To change this behaviour and match as little as possible, append a ? to the quantifier to make it “lazy”. So \w+? means “match one or more word characters, as little as possible”, and if used in the example would result in abc/123. The curly bracket quantifiers can be made lazy as well, {5,10}? will still repeat the previous element 5 to 10 times, but will try to match as little as possible within that range. For a complete list, see Quantifiers in the quick reference.

Keep in mind the greedy/lazy issue only comes into effect when the number of times a quantifier can match is ambiguous – adding a ? to a quantifier will never cause a match to fail: ^\w+?$ will still match abc123 because it’s anchored at both ends and + doesn’t have any other option.

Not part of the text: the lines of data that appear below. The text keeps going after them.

(* The three classes of the atom are the b-vertices of colours 1, 2, 3
   together with the neighbours of the other two witnessing that colour. *)
Lemma b_atom_of_bcoloring (A : {set T}) k c :
  bcoloring A k c -> 3 <= k -> exists S, b_atom e S 3.
Proof.
move=> [_ cP bv] k3.
have [K1 K2 K3] : [/\ 0 < 1 <= k, 0 < 2 <= k & 0 < 3 <= k] by split; lia.
have [x1 x1A [c1 b1]] := bv 1 K1.
have [x2 x2A [c2 b2]] := bv 2 K2.
have [x3 x3A [c3 b3]] := bv 3 K3.
have [y12 y12A [e12 c12]] := b1 2 K2 ltac:(by rewrite c1).
have [y13 y13A [e13 c13]] := b1 3 K3 ltac:(by rewrite c1).
have [y21 y21A [e21 c21]] := b2 1 K1 ltac:(by rewrite c2).
have [y23 y23A [e23 c23]] := b2 3 K3 ltac:(by rewrite c2).
have [y31 y31A [e31 c31]] := b3 1 K1 ltac:(by rewrite c3).
have [y32 y32A [e32 c32]] := b3 2 K2 ltac:(by rewrite c3).
pose s := [:: x1; x2; x3; y12; y13; y21; y23; y31; y32].
have sA : {subset s <= A} by apply/allP; rewrite /= x1A x2A x3A y12A y13A y21A y23A y31A y32A.
pose D := [ffun i : 'I_3 => [set z in s | c z == i.+1]].
pose cv := [ffun i : 'I_3 => nth x1 [:: x1; x2; x3] i].
have DA i z : z \in D i -> z \in A /\ c z = i.+1.
  by rewrite ffunE inE => /andP[/sA zA /eqP].
have inD (i : 'I_3) z : z \in s -> c z = i.+1 -> z \in D i.
  by move=> zs cz; rewrite ffunE inE zs cz eqxx.
exists [set z | [exists i, z \in D i]]; apply/existsP; exists D; apply/existsP; exists cv.
apply/and5P; split; last (apply/andP; split).
- by apply/forallP=> z; rewrite inE.
- apply/forallP=> i; apply/forallP=> j; apply/implyP=> ij.
  rewrite -setI_eq0; apply: contraTT ij => /set0Pn[z]; rewrite inE negbK.
  by case/andP=> /DA[_ cz] /DA[_]; rewrite cz => /succn_inj/val_inj ->.
- by apply/forallP=> -[[|[|[|//]]] i3]; rewrite ffunE inD ?inE ?eqxx ?orbT.
- apply/forallP=> i; apply/forall_inP=> x /DA[xA cx]; apply/forall_inP=> y /DA[yA cy].
  by apply/negP => /(cP x y xA yA); rewrite cx cy eqxx.
- apply/forallP=> i; rewrite ffunE.
  have -> : [set z in s | c z == i.+1] = [set z in [seq z <- s | c z == i.+1]].
    by apply/setP=> z; rewrite !in_set mem_filter andbC.
  rewrite cardsE (leq_trans (card_size _)) // size_filter /=.
  by rewrite c1 c2 c3 c12 c13 c21 c23 c31 c32; case: i => [[|[|[|//]]] i3].
apply/forallP=> -[[|[|[|//]]] i3]; apply/forallP=> -[[|[|[|//]]] j3]; apply/implyP;
  rewrite -(inj_eq val_inj) //= => _; rewrite !ffunE; apply/exists_inP.
- by exists y12; [rewrite !inE c12 eqxx ?orbT | exact: e12].
- by exists y13; [rewrite !inE c13 eqxx ?orbT | exact: e13].
- by exists y21; [rewrite !inE c21 eqxx ?orbT | exact: e21].
- by exists y23; [rewrite !inE c23 eqxx ?orbT | exact: e23].
- by exists y31; [rewrite !inE c31 eqxx ?orbT | exact: e31].
- by exists y32; [rewrite !inE c32 eqxx ?orbT | exact: e32].
Qed.

Lemma exists_minimal_b_atom (S : {set T}) t :
  b_atom e S t -> exists S', minimal_b_atom e S' t.
Proof.
elim: {S}#|S| {-2}S (leqnn #|S|) => [|n IH] S Sn atomS.
  exists S; rewrite /minimal_b_atom atomS; apply/forall_inP => A /proper_card.
  by rewrite ltnNge (leq_trans Sn).
have [minS | ] := boolP [forall A : {set T}, (A \proper S) ==> ~~ b_atom e A t].
  by exists S; rewrite /minimal_b_atom atomS.
rewrite negb_forall => /existsP[A]; rewrite negb_imply negbK => /andP[AS atomA].
by apply: IH atomA; rewrite -ltnS (leq_trans (proper_card AS)).
Qed.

In the original example, you may be wondering: if the + quantifier is greedy, why did the \w+ match as much as possible but not the \d+? This is simply because the \w+ appears earlier in the pattern. In fact, the pattern should really have been written ^(\w+)(\d+?)$ as that is what it actually means.

Other advanced operators

This covers the majority of the match pattern syntax you need to know to effectively match filenames. There are still several advanced operators we havn’t mentioned, including lookaround, alternation & inline modifiers. While these are outside the scope of this guide, they are listed in the Quick Reference should you need to refer to them.